** Data records follows **

Lemma vanish_on_Wmx_curve (C0 C1 C2 : 'I_5 -> {poly R}) (c0 c1 c2 : 'I_5 -> R) T :
  (forall j, [/\ (C0 j).[0] = c0 j, (C1 j).[0] = c1 j & (C2 j).[0] = c2 j]) ->
  (forall t, T < t ->
     F (Wmx (fun j => (C0 j).[t]) (fun j => (C1 j).[t]) (fun j => (C2 j).[t])) = 0) ->
  F (Wmx c0 c1 c2) = 0.
Proof.
move=> C_at0 C_large.
have curveE t : map_mx (horner^~ t) (Wmx C0 C1 C2) =
    Wmx (fun j => (C0 j).[t]) (fun j => (C1 j).[t]) (fun j => (C2 j).[t]).
  by rewrite map_Wmx ?horner0.
have -> : Wmx c0 c1 c2 = map_mx (horner^~ 0) (Wmx C0 C1 C2).
  by rewrite curveE; apply: eq_Wmx => j; have [] := C_at0 j.
have [Q QE] := F_curves (Wmx C0 C1 C2).
rewrite QE (@poly_eq0_large _ Q T) ?horner0 // => t Tt.
by rewrite -QE curveE C_large.
Qed.

Lemma vanish_horn_param (d y z : 'I_5 -> R) : F (horn_param d y z) = 0.
Proof.
pose sh (f : 'I_5 -> R) i := (f i)%:P + 'X.
rewrite horn_paramE.
apply: (vanish_on_Wmx_curve (C0 := fun j => sh d j * sh z j)
  (C1 := fun j => sh d (j + 1) * (sh y j + 1) * sh z j)
  (C2 := fun j => sh d (j + 2) * sh y j * sh z j)
  (T := norm1 d + norm1 y + norm1 z)) => [j|t Tt].
  by split; rewrite /sh !hornerE.
have [dt yt zt] : [/\ norm1 d < t, norm1 y < t & norm1 z < t].
  by have := norm1_ge0 d; have := norm1_ge0 y; have := norm1_ge0 z; split; lra.
rewrite (_ : Wmx _ _ _ =
    horn_param (fun i => d i + t) (fun i => y i + t) (fun i => z i + t)).
  apply: F_ZHorn; exists (fun i => d i + t), (fun i => y i + t), (fun i => z i + t).
  by split=> // i; apply: large_addr_gt0.
by rewrite horn_paramE; apply: eq_Wmx => j; rewrite /sh !hornerE.
Qed.

Lemma vanish_cross (u a0 a1 a2 : 'I_5 -> R) :
  F (Wmx (cross0 u a0 a1 a2) (cross1 u a0 a1 a2) (cross2 u a0 a1 a2)) = 0.
Proof.
pose sh (f : 'I_5 -> R) i := (f i)%:P + 'X.
pose sht (f : 'I_5 -> R) t i := f i + t.
apply: (vanish_on_Wmx_curve (C0 := cross0 (sh u) (sh a0) (sh a1) (sh a2))
  (C1 := cross1 (sh u) (sh a0) (sh a1) (sh a2))
  (C2 := cross2 (sh u) (sh a0) (sh a1) (sh a2))
  (T := norm1 u + norm1 a1 + norm1 a2)) => [j|t Tt].
  by split; rewrite /cross0 /cross1 /cross2 /sh !hornerE.
have [ut a1t a2t] : [/\ norm1 u < t, norm1 a1 < t & norm1 a2 < t].
  by have := norm1_ge0 u; have := norm1_ge0 a1; have := norm1_ge0 a2; split; lra.
rewrite (_ : Wmx _ _ _ = Wmx (cross0 (sht u t) (sht a0 t) (sht a1 t) (sht a2 t))
    (cross1 (sht u t) (sht a0 t) (sht a1 t) (sht a2 t))
    (cross2 (sht u t) (sht a0 t) (sht a1 t) (sht a2 t))); last first.
  by apply: eq_Wmx => j; rewrite /cross0 /cross1 /cross2 /sh /sht !hornerE.
rewrite (Wmx_horn_param (u := sht u t)) ?vanish_horn_param // => j.
- by rewrite gt_eqF // large_addr_gt0.
- rewrite lt_eqF // /cross0 /sht.
  have := mulr_gt0 (large_addr_gt0 (j + 1) ut) (large_addr_gt0 j a2t).
  have := mulr_gt0 (large_addr_gt0 (j + 2) ut) (large_addr_gt0 j a1t).
  lra.
- exact: horn_col_cross.
Qed.

Lemma vanish_regular_kernel (u c0 c1 c2 : 'I_5 -> R) :
  (forall j, wnorm u j != 0) -> (forall j, horn_col u c0 c1 c2 j = 0) ->
  F (Wmx c0 c1 c2) = 0.
Proof. by move=> u_reg uc; rewrite (Wmx_cross u_reg uc) vanish_cross. Qed.

Lemma vanish_kernel_curve (u e c0 c1 c2 : 'I_5 -> R) :
  (forall j, horn_col u c0 c1 c2 j = 0) ->
  (forall j, wnorm u j = 0 -> wnorm e j != 0 /\ horn_col e c0 c1 c2 j = 0) ->
  F (Wmx c0 c1 c2) = 0.
Proof.
move=> uc u_sing.
(* Columns that [u] constrains follow [u + t e] as cross products with fixed
   coordinates; the others stay fixed and are orthogonal to [e]. *)
pose a0 := coord0 u c0 c1 c2; pose a1 := coord1 u c0 c1 c2; pose a2 := coord2 u c0 c1 c2.
pose uP i := (u i)%:P + (e i)%:P * 'X.
pose aP (a : 'I_5 -> R) i := (a i)%:P.
pose ut t i := u i + e i * t.
apply: (vanish_on_Wmx_curve
  (C0 := fun i => if wnorm u i != 0 then cross0 uP (aP a0) (aP a1) (aP a2) i else (c0 i)%:P)
  (C1 := fun i => if wnorm u i != 0 then cross1 uP (aP a0) (aP a1) (aP a2) i else (c1 i)%:P)
  (C2 := fun i => if wnorm u i != 0 then cross2 uP (aP a0) (aP a1) (aP a2) i else (c2 i)%:P)
  (T := norm1 (fun i => u i / e i))) => [j|t Tt].
  have [uj|_] := boolP (wnorm u j != 0); last by rewrite !hornerC.
  have [<- <- <-] := cross_coordE uj (uc j).
  by split; rewrite /cross0 /cross1 /cross2 /uP /aP !hornerE ?mulr0 ?addr0.
rewrite (_ : Wmx _ _ _ = Wmx
    (fun i => if wnorm u i != 0 then cross0 (ut t) a0 a1 a2 i else c0 i)
    (fun i => if wnorm u i != 0 then cross1 (ut t) a0 a1 a2 i else c1 i)
    (fun i => if wnorm u i != 0 then cross2 (ut t) a0 a1 a2 i else c2 i)); last first.
  by apply: eq_Wmx => i; case: (wnorm u i != 0);
    rewrite /cross0 /cross1 /cross2 /uP /aP /ut !hornerE.
apply: (vanish_regular_kernel (u := ut t)) => j; last first.
  rewrite horn_col_if; case: ifP => [_|/negbFE/eqP uj]; first exact: horn_col_cross.
  by rewrite /ut horn_col_line uc (u_sing j uj).2 mul0r addr0.
have ut_eq0 k : ut t k = 0 -> (u k == 0) && (e k == 0).
  by move=> /eqP; apply: contraTT; rewrite negb_and; apply: large_line_neq0.
apply/negP; rewrite wnorm_eq0 => /and3P [/eqP/ut_eq0/andP [u0 e0]
  /eqP/ut_eq0/andP [u1 e1] /eqP/ut_eq0/andP [u2 e2]].
have uj : wnorm u j = 0 by apply/eqP; rewrite wnorm_eq0 u0 u1 u2.
by have [] := u_sing j uj; rewrite wnorm_eq0 e0 e1 e2.
Qed.

Lemma vanish_singular_kernel_nondeg (u c0 c1 c2 : 'I_5 -> R) j :
  u j = 0 -> u (j + 1) = 0 -> u (j + 2) = 0 -> u (j + 4) != 0 ->
  c0 j != 0 -> (u (j + 3) = 0 -> c2 (j + 1) != 0) ->
  (forall i, horn_col u c0 c1 c2 i = 0) -> F (Wmx c0 c1 c2) = 0.
Proof.
move=> u0 u1 u2 u4 c0j c2j uc.
(* [u] does not constrain column [j], nor column [j + 1] when [u (j + 3) = 0];
   [e] is orthogonal to these columns and nonzero on their windows. *)
pose b := if u (j + 3) == 0 then - c0 (j + 1) / c2 (j + 1) else 0.
pose e (i : 'I_5) := nth 0 [:: c1 j / c0 j; 1; 0; b; 0] (i - j)%R.
have eE (k : 'I_5) : e (j + k) = nth 0 [:: c1 j / c0 j; 1; 0; b; 0] k.
  by rewrite /e (addrC j) addrK.
have [e0 e1 e2 e3] : [/\ e j = c1 j / c0 j, e (j + 1) = 1, e (j + 2) = 0 & e (j + 3) = b].
  by rewrite -{1}[j]addr0 !eE.
have ej_reg : wnorm e j != 0 by rewrite wnorm_eq0 e1 oner_eq0 /= andbF.
have ej1_reg : wnorm e (j + 1) != 0 by rewrite wnorm_eq0 e1 oner_eq0.
apply: (vanish_kernel_curve (e := e) uc) => i; case: (offsetP j i).
- move=> _; split=> //.
  by rewrite /horn_col e0 e1 e2 mul0r addr0 mul1r divfK // subrr.
- move/eqP; rewrite wnorm_eq0 -!addrA !I5_addE => /and3P [_ _ /eqP u3].
  split=> //.
  rewrite /horn_col -!addrA !I5_addE e1 e2 e3 /b u3 eqxx.
  by rewrite mul1r mul0r oppr0 add0r (divfK (c2j u3)) addrN.
- by move/eqP; rewrite wnorm_eq0 -!addrA !I5_addE (negbTE u4) !andbF.
- by move/eqP; rewrite wnorm_eq0 -!addrA !I5_addE (negbTE u4) !andbF.
- by move/eqP; rewrite wnorm_eq0 (negbTE u4).
Qed.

** End of Data records **

◆ Work required:
Of the entries above, repeat exactly the lines between the line with "rewrite (Wmx_horn_param (u" and the line with "(fun i => if wnorm u i != 0 then cross2", inclusive, and no others.

◆ Reply to the task:
rewrite (Wmx_horn_param (u := sht u t)) ?vanish_horn_param // => j.
- by rewrite gt_eqF // large_addr_gt0.
- rewrite lt_eqF // /cross0 /sht.
  have := mulr_gt0 (large_addr_gt0 (j + 1) ut) (large_addr_gt0 j a2t).
  have := mulr_gt0 (large_addr_gt0 (j + 2) ut) (large_addr_gt0 j a1t).
  lra.
- exact: horn_col_cross.
Qed.

Lemma vanish_regular_kernel (u c0 c1 c2 : 'I_5 -> R) :
  (forall j, wnorm u j != 0) -> (forall j, horn_col u c0 c1 c2 j = 0) ->
  F (Wmx c0 c1 c2) = 0.
Proof. by move=> u_reg uc; rewrite (Wmx_cross u_reg uc) vanish_cross. Qed.

Lemma vanish_kernel_curve (u e c0 c1 c2 : 'I_5 -> R) :
  (forall j, horn_col u c0 c1 c2 j = 0) ->
  (forall j, wnorm u j = 0 -> wnorm e j != 0 /\ horn_col e c0 c1 c2 j = 0) ->
  F (Wmx c0 c1 c2) = 0.
Proof.
move=> uc u_sing.
(* Columns that [u] constrains follow [u + t e] as cross products with fixed
   coordinates; the others stay fixed and are orthogonal to [e]. *)
pose a0 := coord0 u c0 c1 c2; pose a1 := coord1 u c0 c1 c2; pose a2 := coord2 u c0 c1 c2.
pose uP i := (u i)%:P + (e i)%:P * 'X.
pose aP (a : 'I_5 -> R) i := (a i)%:P.
pose ut t i := u i + e i * t.
apply: (vanish_on_Wmx_curve
  (C0 := fun i => if wnorm u i != 0 then cross0 uP (aP a0) (aP a1) (aP a2) i else (c0 i)%:P)
  (C1 := fun i => if wnorm u i != 0 then cross1 uP (aP a0) (aP a1) (aP a2) i else (c1 i)%:P)
  (C2 := fun i => if wnorm u i != 0 then cross2 uP (aP a0) (aP a1) (aP a2) i else (c2 i)%:P)
  (T := norm1 (fun i => u i / e i))) => [j|t Tt].
  have [uj|_] := boolP (wnorm u j != 0); last by rewrite !hornerC.
  have [<- <- <-] := cross_coordE uj (uc j).
  by split; rewrite /cross0 /cross1 /cross2 /uP /aP !hornerE ?mulr0 ?addr0.
rewrite (_ : Wmx _ _ _ = Wmx
    (fun i => if wnorm u i != 0 then cross0 (ut t) a0 a1 a2 i else c0 i)
    (fun i => if wnorm u i != 0 then cross1 (ut t) a0 a1 a2 i else c1 i)
    (fun i => if wnorm u i != 0 then cross2 (ut t) a0 a1 a2 i else c2 i)); last first.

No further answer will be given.